:: Excerpted records ::
Lemma sum_f_R0_even_odd (u : nat -> R) n :
  sum_f_R0 (fun m => u (2 * m)%nat) n + sum_f_R0 (fun m => u (2 * m + 1)%nat) n =
  sum_f_R0 u (2 * n + 1).
Proof.
  induction n as [|n IHn]; [simpl; ring|].
  rewrite !tech5. replace (2 * S n + 1)%nat with (S (S (2 * n + 1))) by lia.
  rewrite (tech5 u (S (2 * n + 1))), (tech5 u (2 * n + 1)), <- IHn.
  replace (2 * S n)%nat with (S (2 * n + 1)) by lia.
  replace (S (2 * n + 1) + 1)%nat with (S (S (2 * n + 1))) by lia. ring.
Qed.

Definition phi_slope : R := PI / (2 * sqrt 6).

Lemma sqrt6_gt : 2.449 < sqrt 6.
Proof.
  pose proof (sqrt_sqrt 6 ltac:(lra)). pose proof (sqrt_pos 6). nra.
Qed.

Lemma phi_cot x : phi x = cot (PI / 4 + phi_slope * x).
Proof.
  unfold phi, phi_slope. pose proof sqrt6_gt. f_equal. field. lra.
Qed.

Lemma phi_slope_sq : phi_slope ^ 2 = PI ^ 2 / 24.
Proof.
  unfold phi_slope. pose proof sqrt6_gt. pose proof (sqrt_sqrt 6 ltac:(lra)).
  replace 24 with (4 * (sqrt 6 * sqrt 6)) by lra. field. lra.
Qed.

Lemma phi_slope_half_le : 0 < phi_slope / 2 <= PI / 4 - 0.44.
Proof.
  pose proof sqrt6_gt. pose proof PI_gt_3. unfold phi_slope.
  split; [apply Rdiv_lt_0_compat; [apply Rdiv_lt_0_compat|]; lra|].
  assert (PI / (2 * sqrt 6) <= PI / (2 * 2.449)).
  { apply Rmult_le_compat_l; [lra|]. apply Rinv_le_contravar; lra. }
  lra.
Qed.

Lemma Derive_n_phi_0 k :
  Derive_n phi k 0 = (- phi_slope) ^ k * deriv_poly k (cot (PI / 4)).
Proof.
  pose proof phi_slope_half_le. pose proof PI_gt_3.
  set (g := fun k x => (- phi_slope) ^ k * deriv_poly k (cot (PI / 4 + phi_slope * x))).
  replace (cot (PI / 4)) with (cot (PI / 4 + phi_slope * 0)) by (f_equal; ring).
  refine (proj1 (Derive_n_closed_form phi g (- (1 / 2)) (1 / 2) _ _ k 0 ltac:(lra))).
  - intros x _. unfold g. rewrite phi_cot, deriv_poly_O. simpl. ring.
  - intros j x Hx. unfold g.
    replace ((- phi_slope) ^ S j * deriv_poly (S j) (cot (PI / 4 + phi_slope * x)))
      with ((- phi_slope) ^ j * (phi_slope * - deriv_poly (S j) (cot (PI / 4 + phi_slope * x))))
      by (simpl; ring).
    apply is_derive_scal.
    apply (is_derive_comp (fun t => deriv_poly j (cot t)) (fun x => PI / 4 + phi_slope * x)).
    + apply is_derive_deriv_poly_cot. split; nra.
    + auto_derive; [exact I | ring].
Qed.

Lemma phi_slope_mul_le x : Rabs x <= 1 / 2 -> Rabs (phi_slope * x) <= phi_slope / 2.
Proof.
  intros Hx. pose proof phi_slope_half_le.
  rewrite Rabs_mult, Rabs_right by lra.
  apply Rmult_le_compat_l with (r := phi_slope) in Hx; lra.
Qed.
Lemma aff_indep_in_le_corank S k m (C : 'M[R]_(k, 5)) b :
  (forall x, S x -> x *m C^T = b) -> aff_indep_in S m -> (m <= 5 - \rank C)%N.
Proof.
move=> SC [p [Sp /eqP <-]]; rewrite -(mxrank_tr C) -mxrank_ker; apply: mxrankS.
by apply/row_subP => i; rewrite rowK sub_kermx mulmxBl !SC // subrr.
Qed.

Lemma aff_indep_in_le_hyperplane S h b m :
  h != 0 -> (forall x, S x -> lform h x = b) -> aff_indep_in S m -> (m <= 4)%N.
Proof.
move=> h0 Sh /(aff_indep_in_le_corank (C := h) (b := b%:M)); rewrite rank_rV h0; apply.
by move=> x Sx; rewrite [LHS]mx11_scalar -/(lform h x) Sh.
Qed.

Lemma aff_indep_in_le_codim2 S h g a b m :
  row_free (col_mx h g) -> (forall x, S x -> lform h x = a /\ lform g x = b) ->
  aff_indep_in S m -> (m <= 3)%N.
Proof.
move=> /eqP hg_rk Sgh.
move/(aff_indep_in_le_corank (C := col_mx h g) (b := row_mx a%:M b%:M)).
rewrite hg_rk; apply=> x /Sgh[hx gx].
rewrite tr_col_mx mul_mx_row [x *m h^T]mx11_scalar [x *m g^T]mx11_scalar.
by rewrite -/(lform h x) -/(lform g x) hx gx.
Qed.

Lemma aff_indep_in3 S p0 p1 p2 p3 :
  S p0 -> S p1 -> S p2 -> S p3 ->
  (forall a b c, a *: (p1 - p0) + b *: (p2 - p0) + c *: (p3 - p0) = 0 ->
     [/\ a = 0, b = 0 & c = 0]) ->
  aff_indep_in S 3.
Proof.
move=> S0 S1 S2 S3 indep; exists (fun i : 'I_4 => nth 0 [:: p0; p1; p2; p3] i).
split=> [[[|[|[|[|//]]]] ?] //|]; apply: inj_row_free => u.
rewrite mulmx_sum_row !big_ord_recl big_ord0 !rowK /= addr0 addrA.
move/indep=> [u0 u1 u2]; apply/rowP => -[[|[|[|//]]] ?]; rewrite mxE;
  [rewrite -u0 | rewrite -u1 | rewrite -u2]; congr (u _ _); exact: val_inj.
Qed.

Lemma aff_indep_in4 S p0 p1 p2 p3 p4 :
  S p0 -> S p1 -> S p2 -> S p3 -> S p4 ->
  (forall a b c d,
     a *: (p1 - p0) + b *: (p2 - p0) + c *: (p3 - p0) + d *: (p4 - p0) = 0 ->
     [/\ a = 0, b = 0, c = 0 & d = 0]) ->
  aff_indep_in S 4.
Proof.
move=> S0 S1 S2 S3 S4 indep; exists (fun i : 'I_5 => nth 0 [:: p0; p1; p2; p3; p4] i).
split=> [[[|[|[|[|[|//]]]]] ?] //|]; apply: inj_row_free => u.
rewrite mulmx_sum_row !big_ord_recl big_ord0 !rowK /= addr0 !addrA.
move/indep=> [u0 u1 u2 u3]; apply/rowP => -[[|[|[|[|//]]]] ?]; rewrite mxE;
  [rewrite -u0 | rewrite -u1 | rewrite -u2 | rewrite -u3]; congr (u _ _); exact: val_inj.
Qed.
End Convex.

Section Facets.
Variables (R : realFieldType) (thl thu dBl dBu : R).
Hypotheses (thl_lt0 : thl < 0) (thu_gt0 : 0 < thu) (dBl_lt0 : dBl < 0) (dBu_gt0 : 0 < dBu).

Local Notation U := (fun x => P000 thl thu x \/ P110 thu dBl dBu x \/ P101 thl dBl dBu x).
Local Notation P := (Pfacts thl thu dBl dBu).
Local Notation face g b := (fun x => P x /\ g x = b).

(* lra and nra do not see section hypotheses. *)
Ltac signs := move: (thl_lt0) (thu_gt0) (dBl_lt0) (dBu_gt0) => ? ? ? ?.

Lemma P000_in_P th : thl <= th -> th <= thu -> P (vec5 0 0 0 th 0).
Proof. by move=> ? ?; apply/mem_conv; left; rewrite /P000 !vec5E; do !split; apply/andP. Qed.

Lemma P110_in_P th dp :
  0 <= th -> th <= thu -> dBl * th <= dp -> dp <= dBu * th -> P (vec5 1 1 0 th dp).
Proof.
by move=> ? ? ? ?; apply/mem_conv; right; left; rewrite /P110 !vec5E; do !split; apply/andP.
Qed.

Lemma P101_in_P th dp :
  thl <= th -> th <= 0 -> dBu * th <= dp -> dp <= dBl * th -> P (vec5 1 0 1 th dp).
Proof.
by move=> ? ? ? ?; apply/mem_conv; right; right; rewrite /P101 !vec5E; do !split; apply/andP.
Qed.

Local Notation x000_lo := (vec5 0 0 0 thl 0).
Local Notation x000_0 := (vec5 0 0 0 0 0).
Local Notation x000_hi := (vec5 0 0 0 thu 0).
Local Notation x110_0 := (vec5 1 1 0 0 0).
Local Notation x110_lo := (vec5 1 1 0 thu (dBl * thu)).
Local Notation x110_hi := (vec5 1 1 0 thu (dBu * thu)).
Local Notation x101_0 := (vec5 1 0 1 0 0).
Local Notation x101_lo := (vec5 1 0 1 thl (dBu * thl)).
Local Notation x101_hi := (vec5 1 0 1 thl (dBl * thl)).

Lemma x000_lo_in_P : P x000_lo. Proof. by apply: P000_in_P; signs; lra. Qed.
Lemma x000_0_in_P : P x000_0. Proof. by apply: P000_in_P; signs; lra. Qed.
Lemma x000_hi_in_P : P x000_hi. Proof. by apply: P000_in_P; signs; lra. Qed.
Lemma x110_0_in_P : P x110_0. Proof. by apply: P110_in_P; signs; nra. Qed.
Lemma x110_lo_in_P : P x110_lo. Proof. by apply: P110_in_P; signs; nra. Qed.
Lemma x110_hi_in_P : P x110_hi. Proof. by apply: P110_in_P; signs; nra. Qed.
Lemma x101_0_in_P : P x101_0. Proof. by apply: P101_in_P; signs; nra. Qed.
Lemma x101_lo_in_P : P x101_lo. Proof. by apply: P101_in_P; signs; nra. Qed.
Lemma x101_hi_in_P : P x101_hi. Proof. by apply: P101_in_P; signs; nra. Qed.

#[local] Hint Resolve x000_lo_in_P x000_0_in_P x000_hi_in_P x110_0_in_P x110_lo_in_P
  x110_hi_in_P x101_0_in_P x101_lo_in_P x101_hi_in_P : core.

Lemma vpsi_P x : P x -> vpsi x = vzp x + vzm x.
Proof.
move=> Px; have: lform (vec5 1 (-1) (-1) 0 0) x = 0.
  by apply: conv_lform_eq Px => y; rewrite lform_vec5 => -[|[|]] [-> [-> [-> _]]]; ring.
rewrite lform_vec5; lra.
Qed.
Definition ct_lub {Sym X : Type} (ar : Sym -> nat) (u : nat -> term Sym X)
  (s : term Sym X) : Prop :=
  (forall n, tle (u n) s) /\
  (forall b, isCT ar b -> (forall n, tle (u n) b) -> tle s b).

Definition omega_morph {Sym X Y : Type} (ar : Sym -> nat)
  (h : term Sym X -> term Sym Y) : Prop :=
  (forall t, isCT ar t -> isCT ar (h t)) /\
  h tbot = tbot /\
  (forall t u, isCT ar t -> isCT ar u -> tle t u -> tle (h t) (h u)) /\
  (forall f ts, (forall i, i < ar f -> isCT ar (ts i)) ->
     h (top ar f ts) = top ar f (fun i => h (ts i))) /\
  (forall (u : nat -> term Sym X) s,
     (forall n, isCT ar (u n)) -> directed tle u -> isCT ar s ->
     ct_lub ar u s -> ct_lub ar (fun n => h (u n)) (h s)).

Definition quasi_regular {Sym : Type} (ar : Sym -> nat)
  (Delta : forall X : Type, term Sym X -> Prop) : Prop :=
  (forall X : Type,
     (forall t, Delta X t -> isCT ar t) /\
     (forall x : X, Delta X (teta x)) /\
     Delta X tbot /\
     (forall f ts, (forall i, i < ar f -> Delta X (ts i)) ->
        Delta X (top ar f ts))) /\
  (forall (X Y : Type) (h : term Sym X -> term Sym Y),
     omega_morph ar h -> (forall x : X, Delta Y (h (teta x))) ->
     forall t, Delta X t -> Delta Y (h t)).

(* ordered Sigma-algebra; operations take argument families nat -> A, of
   which only the indices < ar f are relevant *)
Definition ordered_alg {Sym A : Type} (ar : Sym -> nat) (le : A -> A -> Prop)
  (bot : A) (op : Sym -> (nat -> A) -> A) : Prop :=
  (forall a, le a a) /\
  (forall a b, le a b -> le b a -> a = b) /\
  (forall a b c, le a b -> le b c -> le a c) /\
  (forall a, le bot a) /\
  (forall f a b, (forall i, i < ar f -> a i = b i) -> op f a = op f b) /\
  (forall f a b, (forall i, i < ar f -> le (a i) (b i)) -> le (op f a) (op f b)).
(* Consider the parallel multiple access channel power allocation game and the replicator dynamics described in the context. Let $q\in\Delta$ be the (almost surely unique) Nash equilibrium of the game. Then every solution orbit $p(t)$ of the replicator dynamics whose initial point $p(0)$ has finite Kullback–Leibler divergence $H_q(p(0))<\infty$ converges to $q$ as $t\to\infty$. Furthermore, even if the game does not admit a unique Nash equilibrium, every solution trajectory starting in the interior of $\Delta$ converges to a Nash equilibrium (a single point, not merely to the set of Nash equilibria).
   Context: Setting: users $\mathcal{K}=\{1,\dots,K\}$, nodes $\mathcal{A}=\{1,\dots,A\}$. User $k$ has maximum power $P_k>0$ and strategy set $\Delta_k=\{p_k\in\mathbb{R}^{\mathcal{A}}: p_{k\alpha}\ge 0,\ \sum_\alpha p_{k\alpha}=P_k\}$; $\Delta=\prod_k\Delta_k$. Payoffs: $u_k(p)=\sum_{\alpha} b_\alpha\log\bigl(1+\frac{g_{k\alpha}p_{k\alpha}}{\sigma_\alpha^2+\sum_{\ell\neq k}g_{\ell\alpha}p_{\ell\alpha}}\bigr)$ with constants $b_\alpha>0$, $\sigma_\alpha^2>0$ and channel gains $g_{k\alpha}>0$ drawn from a continuous (nonatomic) probability distribution on the positive reals. $q\in\Delta$ is a Nash equilibrium if $u_k(q)\ge u_k(q_{-k};q_k')$ for all $k$ and $q_k'\in\Delta_k$. Define $v_{k\alpha}(p)=\frac{b_\alpha g_{k\alpha}}{\sigma_\alpha^2+\sum_{\ell}g_{\ell\alpha}p_{\ell\alpha}}$ and $v_k(p)=P_k^{-1}\sum_\beta p_{k\beta}v_{k\beta}(p)$. The replicator dynamics are the ODE $\frac{dp_{k\alpha}}{dt}=p_{k\alpha}\bigl(v_{k\alpha}(p(t))-v_k(p(t))\bigr)$ on $\Delta$. The Kullback–Leibler divergence of $p$ with respect to $q$ is $H_q(p)=\sum_{k,\alpha}q_{k\alpha}\log(q_{k\alpha}/p_{k\alpha})$ (terms with $q_{k\alpha}=0$ are zero), finite iff $p_{k\alpha}>0$ whenever $q_{k\alpha}>0$. *)

From HB Require Import structures.
From mathcomp Require Import all_boot all_order all_algebra.
From mathcomp Require Import all_classical all_reals all_analysis.
Set Implicit Arguments. Unset Strict Implicit. Unset Printing Implicit Defensive.
Import Order.TTheory GRing.Theory Num.Theory.
Import numFieldNormedType.Exports.
Local Open Scope classical_set_scope.
Local Open Scope ring_scope.

Section PMAC.
Variables (R : realType) (K A : nat).
(* P k : max power of user k; b a, sigma2 a : constants b_alpha, sigma_alpha^2;
   g k a : channel gain g_{k alpha}. *)
Variables (P : 'I_K -> R) (b sigma2 : 'I_A -> R) (g : 'I_K -> 'I_A -> R).

Definition profile := 'I_K -> 'I_A -> R.

Definition in_Delta_k (k : 'I_K) (pk : 'I_A -> R) : Prop :=
  (forall a, 0 <= pk a) /\ \sum_(a < A) pk a = P k.

Definition in_Delta (p : profile) : Prop := forall k, in_Delta_k k (p k).

Definition in_interior (p : profile) : Prop :=
  in_Delta p /\ forall k a, 0 < p k a.

Definition payoff (k : 'I_K) (p : profile) : R :=
  \sum_(a < A) b a * ln (1 + g k a * p k a /
       (sigma2 a + \sum_(l < K | l != k) g l a * p l a)).

Definition deviate (q : profile) (k : 'I_K) (qk' : 'I_A -> R) : profile :=
  fun l => if l == k then qk' else q l.

Definition is_NE (q : profile) : Prop :=
  in_Delta q /\
  forall k (qk' : 'I_A -> R), in_Delta_k k qk' -> payoff k (deviate q k qk') <= payoff k q.

Definition vka (p : profile) (k : 'I_K) (a : 'I_A) : R :=
  b a * g k a / (sigma2 a + \sum_(l < K) g l a * p l a).

Definition vk (p : profile) (k : 'I_K) : R :=
  (P k)^-1 * \sum_(a < A) p k a * vka p k a.

Definition replicator_solution (p : R -> profile) : Prop :=
  (forall t : R, 0 <= t -> in_Delta (p t)) /\
  (forall (k : 'I_K) (a : 'I_A), {within `[0, +oo[, continuous (fun t => p t k a)}) /\
  (forall t : R, 0 < t -> forall (k : 'I_K) (a : 'I_A),
      is_derive t (1 : R) (fun s => p s k a) (p t k a * (vka (p t) k a - vk (p t) k))).

Definition KL (q p : profile) : \bar R :=
  (\sum_(k < K) \sum_(a < A)
     (if (q k a == 0)%R then 0%E
      else if (p k a == 0)%R then +oo%E
      else (q k a * ln (q k a / p k a))%R%:E))%E.

Definition converges_to (p : R -> profile) (q : profile) : Prop :=
  forall (k : 'I_K) (a : 'I_A), (fun t : R => p t k a) @ +oo --> q k a.

End PMAC.

(* The game has the concave potential
   Phi(p) = sum_alpha b_alpha ln(sigma_alpha^2 + sum_l g_{l alpha} p_{l alpha}):
   u_k = Phi - (a term independent of p_k), so maximisers of Phi are Nash equilibria.
   Along a replicator orbit, d/dt H_q(p) = -<v(p), q - p> <= Phi(p) - Phi(q) by concavity.
   For a maximiser q, H_q(p(t)) is nonincreasing and nonnegative, which forces
   Phi(p(t)) arbitrarily close to max Phi at late times; by compactness of Delta the
   orbit then has a cluster point v maximising Phi. Now H_v(p(t)) is nonincreasing and
   arbitrarily small at late times, so it tends to 0, and the Hellinger bound
   (sqrt p - sqrt v)^2 <= H_v(p) gives p(t) -> v. With a unique equilibrium, q = v. *)

From HB Require Import structures.
From mathcomp Require Import all_boot all_order all_algebra.
From mathcomp Require Import all_classical all_reals all_analysis.
From mathcomp Require Import lra ring.
Set Implicit Arguments. Unset Strict Implicit. Unset Printing Implicit Defensive.
Import Order.TTheory GRing.Theory Num.Theory.
Import numFieldNormedType.Exports.
Local Open Scope ring_scope.

Lemma ler_sum_term (R : numDomainType) (I : finType) (F : I -> R) i :
  (forall j, 0 <= F j) -> F i <= \sum_j F j.
Proof.
by move=> F0; rewrite (bigD1 i) //= lerDl; apply: sumr_ge0 => j _; apply: F0.
Qed.

Section real_facts.
Variable R : realType.
(* Let $\alpha>-1$, let $\hat L^\alpha_n$ be the monic Laguerre polynomials, and let $(\rho_n)_{n\ge0}$ be positive real numbers such that for some $\nu>0$ $$\frac{\rho_{n-1}}{\rho_n}\le\nu,\quad n\ge1.$$ Let $K$ be a positive integer and $\gamma_0,\dots,\gamma_K$ real numbers with $\gamma_0=1$, $\gamma_K\neq0$. Then the polynomial $$q_n(x)=\sum_{j=0}^K\gamma_j\rho_{n-j}\hat L^\alpha_{n-j}(x)$$ has only real and simple zeros for $$n\ge\max\left\{\frac18\left(23\nu\,2^{K-1}\frac{(23\nu)^{K-1}-1}{23\nu-1}\Gamma_2-2|\alpha|\right),\ \frac{\nu-\alpha+1}{2},\ \alpha+9,\ 2K\right\},$$ where $\Gamma_2=\max\{|\gamma_j|:2\le j\le K\}$, and these zeros interlace the zeros of $L^\alpha_{n-1}$. Moreover, for $n$ sufficiently large all the zeros of $q_n$ are positive.
   Context: $L^\alpha_n$ is the Laguerre polynomial of degree $n$, orthogonal with respect to $x^\alpha e^{-x}dx$ on $(0,\infty)$, and $\hat L^\alpha_n=(-1)^nn!L^\alpha_n$ is its monic version; they satisfy $x\hat L^\alpha_n=\hat L^\alpha_{n+1}+(2n+\alpha+1)\hat L^\alpha_n+n(n+\alpha)\hat L^\alpha_{n-1}$. When $23\nu=1$ the quotient $\frac{(23\nu)^{K-1}-1}{23\nu-1}$ is read as $\sum_{j=0}^{K-2}(23\nu)^j$. Interlacing: given two finite sets $U,V$ of reals, $U$ interlaces $V$ if $\min U<\min V$ and between any two consecutive elements of either set there is an element of the other; here $U$ is the zero set of $q_n$ and $V$ that of $L^\alpha_{n-1}$. *)

From HB Require Import structures.
From mathcomp Require Import all_boot all_order all_algebra.
From mathcomp Require Import reals.
Set Implicit Arguments. Unset Strict Implicit. Unset Printing Implicit Defensive.
Import Order.TTheory GRing.Theory Num.Theory.
Local Open Scope ring_scope.

(* Monic Laguerre polynomials \hat L^alpha_n, defined by the three-term
   recurrence  x L_n = L_{n+1} + (2n+alpha+1) L_n + n(n+alpha) L_{n-1},
   with L_0 = 1, L_1 = x - (alpha+1). *)
Fixpoint hatL_pair {R : realType} (alpha : R) (n : nat) : {poly R} * {poly R} :=
  match n with
  | 0%N => (1, 'X - (alpha + 1)%:P)
  | k.+1 => let: (p0, p1) := hatL_pair alpha k in
            (p1, ('X - (2 * k.+1%:R + alpha + 1)%:P) * p1
                   - (k.+1%:R * (k.+1%:R + alpha)) *: p0)
  end.

Definition hatL {R : realType} (alpha : R) (n : nat) : {poly R} :=
  (hatL_pair alpha n).1.

Definition Lag {R : realType} (alpha : R) (n : nat) : {poly R} :=
  ((-1) ^+ n / (n`!)%:R) *: hatL alpha n.

(* ((c)^(K-1) - 1)/(c - 1), read as sum_{j=0}^{K-2} c^j when c = 1 *)
Definition geomq {R : realType} (c : R) (K : nat) : R :=
  if c == 1 then \sum_(j < K.-1) c ^+ j else (c ^+ K.-1 - 1) / (c - 1).

Definition Gamma2 {R : realType} (gamma : nat -> R) (K : nat) : R :=
  \big[Num.max/0]_(2 <= j < K.+1) `|gamma j|.

Definition lag_comb {R : realType} (alpha : R) (rho gamma : nat -> R) (K n : nat)
  : {poly R} :=
  \sum_(0 <= j < K.+1) (gamma j * rho (n - j)%N) *: hatL alpha (n - j)%N.

Definition real_simple_zeros {R : realType} (p : {poly R}) : Prop :=
  p != 0 /\ exists s : seq R,
    sorted <%R s /\ p = lead_coef p *: \prod_(x <- s) ('X - x%:P).

Definition consec_between {R : realType} (U V : R -> Prop) : Prop :=
  forall u1 u2, U u1 -> U u2 -> u1 < u2 ->
    (forall u, U u -> ~ (u1 < u /\ u < u2)) ->
    exists v, V v /\ u1 < v /\ v < u2.

Definition interlaces {R : realType} (U V : R -> Prop) : Prop :=
  (exists u v, U u /\ (forall u', U u' -> u <= u') /\
               V v /\ (forall v', V v' -> v <= v') /\ u < v)
  /\ consec_between U V /\ consec_between V U.

Definition zeros {R : realType} (p : {poly R}) : R -> Prop := fun x => root p x.

From HB Require Import structures.
From mathcomp Require Import all_boot all_order all_algebra.
From mathcomp Require Import reals boolp polyrcf.
From mathcomp Require Import ring lra zify.
Import Order.TTheory GRing.Theory Num.Theory.
Local Open Scope ring_scope.

Set Implicit Arguments. Unset Strict Implicit. Unset Printing Implicit Defensive.

(* The zeros y_1 < ... < y_(n-1) of L_(n-1) (monic Laguerre) are real and simple and
   interlace those of L_n, so L_n alternates in sign along them; there the recurrence
   gives L_n(y) = -a_(n-1) L_(n-2)(y) with a_k = k (k + alpha).  Running the recurrence
   downward from L_(n-1)(y) = 0 bounds |L_(n-j)(y)| by 23^(j-2) |L_(n-2)(y)|, and
   rho_(n-j) <= nu^j rho_n, so the part of q_n(y) beyond its first two terms is at most
   Gamma_2 nu^2 (sum_j (23 nu)^(j-2)) rho_n |L_(n-2)(y)|; the lower bounds on n make this
   smaller than rho_n |L_n(y)|.  Hence q_n, of degree n with leading coefficient rho_n,
   alternates in sign along the y_i too, and together with its signs near -oo and +oo
   the intermediate value theorem puts one zero in each of the n gaps.
   For positivity: at x <= 0 the numbers (-1)^k L_k(x) are positive and grow at least by
   the factor k + alpha at each step, so for large n the term rho_n L_n(x) dominates. *)

Section SignPatterns.
Variable R : realDomainType.
Implicit Types (x a b c : R) (y z : nat -> R).

Definition increasing_on (m : nat) (z : nat -> R) :=
  forall i, (i.+1 < m)%N -> z i < z i.+1.

Definition interlaced (m : nat) (z y : nat -> R) :=
  forall i, (i < m)%N -> z i < y i < z i.+1.

Lemma increasing_on_lt m z i j :
  increasing_on m z -> (i < j)%N -> (j < m)%N -> z i < z j.
Proof.
move=> zinc ij jm; have im := ltn_trans ij jm.
apply: (Order.NatMonotonyTheory.homo_ltn_lt_in (D := [pred k | k < m]%N)) => //.
- by move=> a b _ /= bm c /andP[_ /ltn_trans]; apply.
- by move=> k _ /= km; apply: zinc.
Qed.

Lemma increasing_on_le m z i j :
  increasing_on m z -> (i <= j)%N -> (j < m)%N -> z i <= z j.
Proof.
move=> zinc; rewrite leq_eqVlt => /orP[/eqP-> //|ij] jm.
exact/ltW/(increasing_on_lt zinc).
Qed.

Lemma interlaced_increasing_outer m z y :
  interlaced m z y -> increasing_on m.+1 z.
Proof. by move=> zy i /zy /andP[/lt_trans]; apply. Qed.

Lemma interlaced_increasing_inner m z y :
  interlaced m z y -> increasing_on m y.
Proof.
move=> zy i im; have /andP[_ lt1] := zy i (ltnW im).
by have /andP[lt2 _] := zy i.+1 im; apply: lt_trans lt2.
Qed.

Lemma sorted_mkseq m z : increasing_on m z -> sorted <%R (mkseq z m).
Proof.
move=> zinc; apply: (homo_sorted_in (P := [pred i | i < m]%N) (e := ltn)).
- by move=> i j /= im jm ij; apply: increasing_on_lt zinc ij jm.
- by apply/allP => i; rewrite mem_iota.
- exact: iota_ltn_sorted.
Qed.

Lemma signrM_gt0_sgr x k : Num.sg x = (-1) ^+ k -> 0 < (-1) ^+ k * x.
Proof.
move=> sgx; rewrite -sgx -normrEsg normr_gt0 -sgr_eq0 sgx.
by rewrite signr_eq0.
Qed.

Lemma signr_prod_subr_gt0 z x k j : (j <= k)%N ->
  (forall i, (i < j)%N -> z i < x) ->
  (forall i, (j <= i < k)%N -> x < z i) ->
  0 < (-1) ^+ (k - j) * \prod_(0 <= i < k) (x - z i).
Proof.
move=> jk below above.
rewrite (big_cat_nat (leq0n j) jk) /=.
under [X in _ * (_ * X)]eq_bigr do rewrite -opprB -mulN1r.
rewrite big_split prodr_const_nat /= mulrCA signrMK.
apply: mulr_gt0; rewrite big_nat_cond;
  apply: prodr_gt0 => i /andP[/andP[ji ik] _]; rewrite subr_gt0.
  exact: below.
by apply: above; rewrite ji.
Qed.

:: Try it ::
Lines of the material may hold the string "congr". Copy each one that does.

:: Written response ::
  [rewrite -u0 | rewrite -u1 | rewrite -u2]; congr (u _ _); exact: val_inj.
  [rewrite -u0 | rewrite -u1 | rewrite -u2 | rewrite -u3]; congr (u _ _); exact: val_inj.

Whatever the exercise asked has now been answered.